Christiana Care Health Services, Inc.

NRC Inspection Report No. 03001303/2018001

A reactive inspection was initiated on June 5, 2018, followed up by an unannounced routine inspection on July 9-12, 2018 at Christiana Care Health Services, Inc. (CCHS) in Newark, Delaware and continued in office through September 12, 2018. The inspection examined activities conducted under License No. 07-12153-02 as they relate to safety and compliance with the Commission's rules and regulations and with the conditions of the license. In addition, the inspection included a review of circumstances surrounding the loss of 14.8 millicuries of Iodine-125 (I-125) permanent prostate implant seeds. The inspection was performed in accordance with NRC Inspection Procedures 87132, "Brachytherapy Programs," and 87103, "Inspections of Materials Licensee Involved In an Incident or Bankruptcy Filing."

CCHS reported the missing seeds to the NRC on June 1, 2018, (NRC Event 53437) and a site visit was conducted on June 5, 2018 to gather details about the event. In-office evaluation of the licensee's required 30 day event report, which included corrective actions, was reviewed prior to the July 9-12, 2018 routine inspection. The report, submitted by CCHS on June 15, 2018, outlined the circumstances surrounding the lost seeds, which had not been located as of the date of the routine inspection. Additional information submitted on July 26, 2018 was also reviewed.

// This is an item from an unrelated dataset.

(* Let $(\Lambda,d)$ be a $k$-graph and let $(\overline{\Lambda},\overline d)$ be the extension described in the context. Then $\overline{\Lambda}$ with $\overline d$ satisfies the factorization property: for every morphism $f$ of $\overline{\Lambda}$ and $a,b\in\mathbb{N}^k$ with $\overline d(f)=a+b$ there exist unique morphisms $g,h$ of $\overline{\Lambda}$ with $f=gh$, $\overline d(g)=a$ and $\overline d(h)=b$.
   Context: A $k$-graph $(\Lambda,d)$ is a countable category with a degree functor $d:\Lambda\to\mathbb{N}^k$ satisfying unique factorization; $\Lambda^0$ vertices, $r,s$ range/source, $v\Lambda^n=\{\lambda:r(\lambda)=v,d(\lambda)=n\}$; $e_i$ standard basis, $\le$ coordinatewise, $\vee,\wedge$ coordinatewise max/min. For $m\in(\mathbb{N}\cup\{\infty\})^k$, $\Omega_{k,m}$ has objects $\{p\in\mathbb{N}^k:p\le m\}$, morphisms $(p,q)$, $p\le q\le m$, $r(p,q)=p$, $s(p,q)=q$, $d(p,q)=q-p$. A graph morphism $x:\Omega_{k,m}\to\Lambda$ is a degree-preserving functor; $d(x)=m$, $x(a,b)=x((a,b))$, $x(a)=x(a,a)$. It is a boundary path if there is $n_x\in\mathbb{N}^k$, $n_x\le d(x)$, with $x(p)\Lambda^{e_i}=\emptyset$ whenever $p\in\mathbb{N}^k$, $n_x\le p\le d(x)$, $p_i=d(x)_i$; $\Lambda^{\le\infty}$ is the set of boundary paths. $\sigma^px(a,b)=x(a+p,b+p)$ ($p\le d(x)$); $\lambda x$ denotes concatenation of $\lambda$ (with $s(\lambda)=x(0)$) in front of $x$, a graph morphism on $\Omega_{k,d(\lambda)+d(x)}$. $V_\Lambda=\{(x;m):x\in\Lambda^{\le\infty},m\in\mathbb{N}^k,m\not\le d(x)\}$, $(x;m)\approx(y;p)$ iff $x(m\wedge d(x))=y(p\wedge d(y))$ and $m-m\wedge d(x)=p-p\wedge d(y)$; classes $[x;m]$ form $\widetilde{V_\Lambda}$. $P_\Lambda=\{(x;(m,n)):x\in\Lambda^{\le\infty},m\le n\in\mathbb{N}^k,n\not\le d(x)\}$, $(x;(m,n))\sim(y;(p,q))$ iff $x(m\wedge d(x),n\wedge d(x))=y(p\wedge d(y),q\wedge d(y))$, $m-m\wedge d(x)=p-p\wedge d(y)$, $n-m=q-p$; classes $[x;(m,n)]$ form $\widetilde{P_\Lambda}$. The extension $\overline{\Lambda}$ is the category with objects $\Lambda^0\sqcup\widetilde{V_\Lambda}$ and morphisms $\Lambda\sqcup\widetilde{P_\Lambda}$: on $\Lambda$ everything is as in $\Lambda$; $\overline r([x;(m,n)])=x(m)$ if $m\le d(x)$, else $[x;m]$; $\overline s([x;(m,n)])=[x;n]$; identity at $[x;m]$ is $[x;(m,m)]$; $\lambda[x;(m,n)]=[\lambda\sigma^mx;(0,d(\lambda)+n-m)]$ when $s(\lambda)=\overline r([x;(m,n)])$; $[x;(m,n)][y;(p,q)]=[z;(m,n+q-p)]$ with $z=x(0,n\wedge d(x))\sigma^{p\wedge d(y)}y$ when $\overline s([x;(m,n)])=\overline r([y;(p,q)])$. The degree is $\overline d|_\Lambda=d$ and $\overline d([x;(m,n)])=n-m$. *)

From Stdlib Require Import ClassicalEpsilon.
From mathcomp Require Import all_boot.
Set Implicit Arguments. Unset Strict Implicit. Unset Printing Implicit Defensive.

CCHS is a medical institution authorized for materials under 10 CFR 35.100, 35.200, 35.300, 35.400, 35.600 and 35.1000. Five of the licensee's seven locations of use in Delaware were inspected; two in Newark and one each in Smyrna, Bear, and Wilmington. The inspection included a review of licensee's facilities, direct observations, interviews with radiation workers, and review of required records. The licensee is also authorized to use a Rubidium 82 (Rb-82) generator. CCHS is unable to comply with the requirements of 10 CFR 35.60 and 10 CFR 35.63 because of the short half-life of Rb-82 and the direct infusion required for administration. These items of non-compliance would generally result in a SL IV violation but enforcement discretion is used because the licensee meets the criteria in Enforcement Guidance Memorandum (EGM) 13-003.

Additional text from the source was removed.